Exercise objective
All lines of the listing that contain "mathcomp" should be shown in full.

*** Opening Material shown ***

(** ---- Single-armed MDP (S, {0,1}, P, r); action 1 = true, 0 = false ---- *)
Definition is_kernel (P : S -> bool -> S -> R) :=
  (forall s a s', 0 <= P s a s') /\ (forall s a, \sum_(s' : S) P s a s' = 1).

Definition lp_feasible (P : S -> bool -> S -> R) (alpha : R) (y : S -> bool -> R) :=
  [/\ forall s a, 0 <= y s a,
      \sum_(s : S) y s true = alpha,
      forall s, \sum_(s' : S) \sum_(a : bool) y s' a * P s' a s = \sum_(a : bool) y s a
    & \sum_(s : S) \sum_(a : bool) y s a = 1].

Definition lp_obj (r : S -> bool -> R) (y : S -> bool -> R) :=
  \sum_(s : S) \sum_(a : bool) r s a * y s a.

Definition lp_optimal P r alpha (y : S -> bool -> R) :=
  lp_feasible P alpha y /\ forall y', lp_feasible P alpha y' -> lp_obj r y' <= lp_obj r y.

Definition dIC (ystar : S -> bool -> R) (y : S -> bool -> R) : R :=
  \sum_(s : S | (0 < ystar s true) && (ystar s false == 0)) y s false
  + \sum_(s : S | (ystar s true == 0) && (0 < ystar s false)) y s true.

Definition svec (N : nat) := {ffun 'I_N -> S}.
Definition avec (N : nat) := {ffun 'I_N -> bool}.

(** exactly K = alpha N arms are activated *)
Definition budget_ok (N K : nat) (a : avec N) : bool := #|[set i | a i]| == K.

(** A (randomized, history-dependent) policy: given the past history
    [(S_0,A_0); ...; (S_{t-1},A_{t-1})] and the current state vector S_t,
    the probability of choosing action vector A_t. *)
Definition policy (N : nat) := seq (svec N * avec N) -> svec N -> avec N -> R.

Definition valid_policy (N K : nat) (pi : policy N) :=
  forall h sv,
    [/\ forall av, 0 <= pi h sv av,
        \sum_(av : avec N) pi h sv av = 1
      & forall av, pi h sv av != 0 -> budget_ok K av].

Definition transN (P : S -> bool -> S -> R) (N : nat) (sv : svec N) (av : avec N)
  (sv' : svec N) : R := \prod_(i < N) P (sv i) (av i) (sv' i).

Definition path_prob (P : S -> bool -> S -> R) (N : nat) (pi : policy N) (S0 : svec N)
  (t : nat) (w : (t.+1).-tuple (svec N * avec N)) : R :=
  ((tnth w ord0).1 == S0)%:R
  * \prod_(k < t.+1) pi (take k w) (tnth w k).1 (tnth w k).2
  * \prod_(k < t) transN P (tnth w (widen_ord (leqnSn t) k)).1
                           (tnth w (widen_ord (leqnSn t) k)).2
                           (tnth w (lift ord0 k)).1.

Definition expect_t (P : S -> bool -> S -> R) (N : nat) (pi : policy N) (S0 : svec N)
  (t : nat) (g : svec N -> avec N -> R) : R :=
  \sum_(w : (t.+1).-tuple (svec N * avec N))
     path_prob P pi S0 w * g (tnth w ord_max).1 (tnth w ord_max).2.

Definition Yfrac (N : nat) (sv : svec N) (av : avec N) (s : S) (a : bool) : R :=
  #|[set i | (sv i == s) && (av i == a)]|%:R / N%:R.

Definition avg_arm_reward (r : S -> bool -> R) (N : nat) (sv : svec N) (av : avec N) : R :=
  N%:R^-1 * \sum_(i < N) r (sv i) (av i).

Definition cesaro (u : nat -> R) : R^nat := fun T => T%:R^-1 * \sum_(t < T) u t.

Definition reward_seq P r N (pi : policy N) S0 : R^nat :=
  cesaro (fun t => expect_t P pi S0 t (avg_arm_reward r (N:=N))).

Definition dIC_seq P (ystar : S -> bool -> R) N (pi : policy N) S0 : R^nat :=
  cesaro (fun t => expect_t P pi S0 t (fun sv av => dIC ystar (Yfrac sv av))).

End RestlessDefs.

(* Let y_t(s, a) be the expectation of Y_t(s, a) and ybar_T its Cesaro average over t < T.
   Each ybar_T is nonnegative, has mass 1 and budget alpha, and violates the flow-balance
   constraints of the LP only by 1/T per state, because the y_t satisfy y_{t+1} = y_t P in
   the aggregate and the defect telescopes.  Uniqueness of the optimum ystar makes the LP
   sharp: for every direction u that is nonnegative where ystar vanishes,
   max(-r.u, residual(u)) is positive on the l1 unit sphere, hence by compactness at least
   m |u|_1.  This gives, for y >= 0,
     eps |y - ystar|_1 <= r.ystar - r.y + C residual(y - ystar),
   and d_IC(y) <= |y - ystar|_1 since d_IC only charges pairs where ystar vanishes.
   Applied to ybar_T, the bound passes to the limit T -> oo. *)

From Pilot Require Import Defs.
From mathcomp Require Import all_boot all_order all_algebra.
From mathcomp Require Import all_classical all_reals all_analysis.
From mathcomp Require Import ring lra.
Set Implicit Arguments. Unset Strict Implicit. Unset Printing Implicit Defensive.
Import Order.TTheory GRing.Theory Num.Theory.
Import numFieldNormedType.Exports.
Local Open Scope ring_scope.

Section LinearFunctional.
Variables (R : realType) (S : finType).
Implicit Types (c y z : S -> bool -> R).

Definition l1norm y : R := \sum_(s : S) \sum_(a : bool) `|y s a|.

Lemma l1norm_ge0 y : 0 <= l1norm y.
Proof. by apply: sumr_ge0 => s _; apply: sumr_ge0. Qed.

Lemma ler_l1norm y s a : `|y s a| <= l1norm y.
Proof.
rewrite /l1norm (bigD1 s) //= (bigD1 a) //= -addrA lerDl.
by apply: addr_ge0; apply: sumr_ge0 => *; [|apply: sumr_ge0].
Qed.

Lemma lp_objD c y z :
  lp_obj c (fun s a => y s a + z s a) = lp_obj c y + lp_obj c z.
Proof.
rewrite /lp_obj -big_split; apply: eq_bigr => s _.
by rewrite -big_split; apply: eq_bigr => a _; rewrite mulrDr.
Qed.

Lemma lp_objZ c k y : lp_obj c (fun s a => k * y s a) = k * lp_obj c y.
Proof.
rewrite /lp_obj mulr_sumr; apply: eq_bigr => s _.
by rewrite mulr_sumr; apply: eq_bigr => a _; rewrite mulrCA.
Qed.

Lemma lp_objB c y z :
  lp_obj c (fun s a => y s a - z s a) = lp_obj c y - lp_obj c z.
Proof.
rewrite -mulN1r -lp_objZ -lp_objD /lp_obj.
by apply: eq_bigr => s _; apply: eq_bigr => a _; rewrite mulN1r.
Qed.

Lemma lp_obj_sum (I : Type) (rI : seq I) c (F : I -> S -> bool -> R) :
  lp_obj c (fun s a => \sum_(i <- rI) F i s a) = \sum_(i <- rI) lp_obj c (F i).
Proof.
rewrite /lp_obj [RHS]exchange_big; apply: eq_bigr => s _.
by rewrite [RHS]exchange_big; apply: eq_bigr => a _; rewrite mulr_sumr.
Qed.

Lemma lp_obj_norm_le c y : `|lp_obj c y| <= l1norm c * l1norm y.
Proof.
apply: le_trans (ler_norm_sum _ _ _) _; rewrite /l1norm mulr_suml.
apply: ler_sum => s _; apply: le_trans (ler_norm_sum _ _ _) _.
rewrite mulr_suml; apply: ler_sum => a _.
by rewrite normrM ler_wpM2l ?ler_l1norm.
Qed.

Definition mass_weight : S -> bool -> R := fun _ _ => 1.
Definition budget_weight : S -> bool -> R := fun _ a => a%:R.

Lemma lp_obj_mass y : lp_obj mass_weight y = \sum_(s : S) \sum_(a : bool) y s a.
Proof. by apply: eq_bigr => s _; apply: eq_bigr => a _; rewrite mul1r. Qed.

Lemma lp_obj_budget y : lp_obj budget_weight y = \sum_(s : S) y s true.
Proof. by apply: eq_bigr => s _; rewrite big_bool /= mul1r mul0r addr0. Qed.

Lemma l1normZ k y : l1norm (fun s a => k * y s a) = `|k| * l1norm y.
Proof.
rewrite /l1norm mulr_sumr; apply: eq_bigr => s _.
by rewrite mulr_sumr; apply: eq_bigr => a _; rewrite normrM.
Qed.

Import ArrowAsProduct.

Lemma continuous_sum (T : topologicalType) (J : finType) (F : J -> T -> R) :
  (forall j, continuous (F j)) -> continuous (fun x => \sum_j F j x).
Proof. by move=> F_cont; apply: continuous_big => //; exact: add_continuous. Qed.

Lemma lp_obj_curry_continuous c :
  continuous (fun v : S * bool -> R => lp_obj c (curry v)).
Proof.
apply: continuous_sum => s; apply: continuous_sum => a.
move: (@proj_continuous _ (fun _ => R) (s, a)) => proj_cont v.
exact: (cvgM (cvg_cst (c s a)) (proj_cont v)).
Qed.

Lemma l1norm_curry_continuous :
  continuous (fun v : S * bool -> R => l1norm (curry v)).
Proof.
apply: continuous_sum => s; apply: continuous_sum => a.
move: (@proj_continuous _ (fun _ => R) (s, a)) => proj_cont v.
exact: (cvg_norm (proj_cont v)).
Qed.

End LinearFunctional.

Arguments mass_weight {R S}.
Arguments budget_weight {R S}.

Section ErrorBound.
Variables (R : realType) (S : finType) (P : S -> bool -> S -> R)
  (r : S -> bool -> R) (alpha : R) (ystar : S -> bool -> R).
Implicit Types (u y : S -> bool -> R).

Definition flow_weight (s s' : S) (a : bool) : R := P s' a s - (s' == s)%:R.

*** Closing Material shown ***

Output for this exercise
From mathcomp Require Import all_boot all_order all_algebra.
From mathcomp Require Import all_classical all_reals all_analysis.
From mathcomp Require Import ring lra.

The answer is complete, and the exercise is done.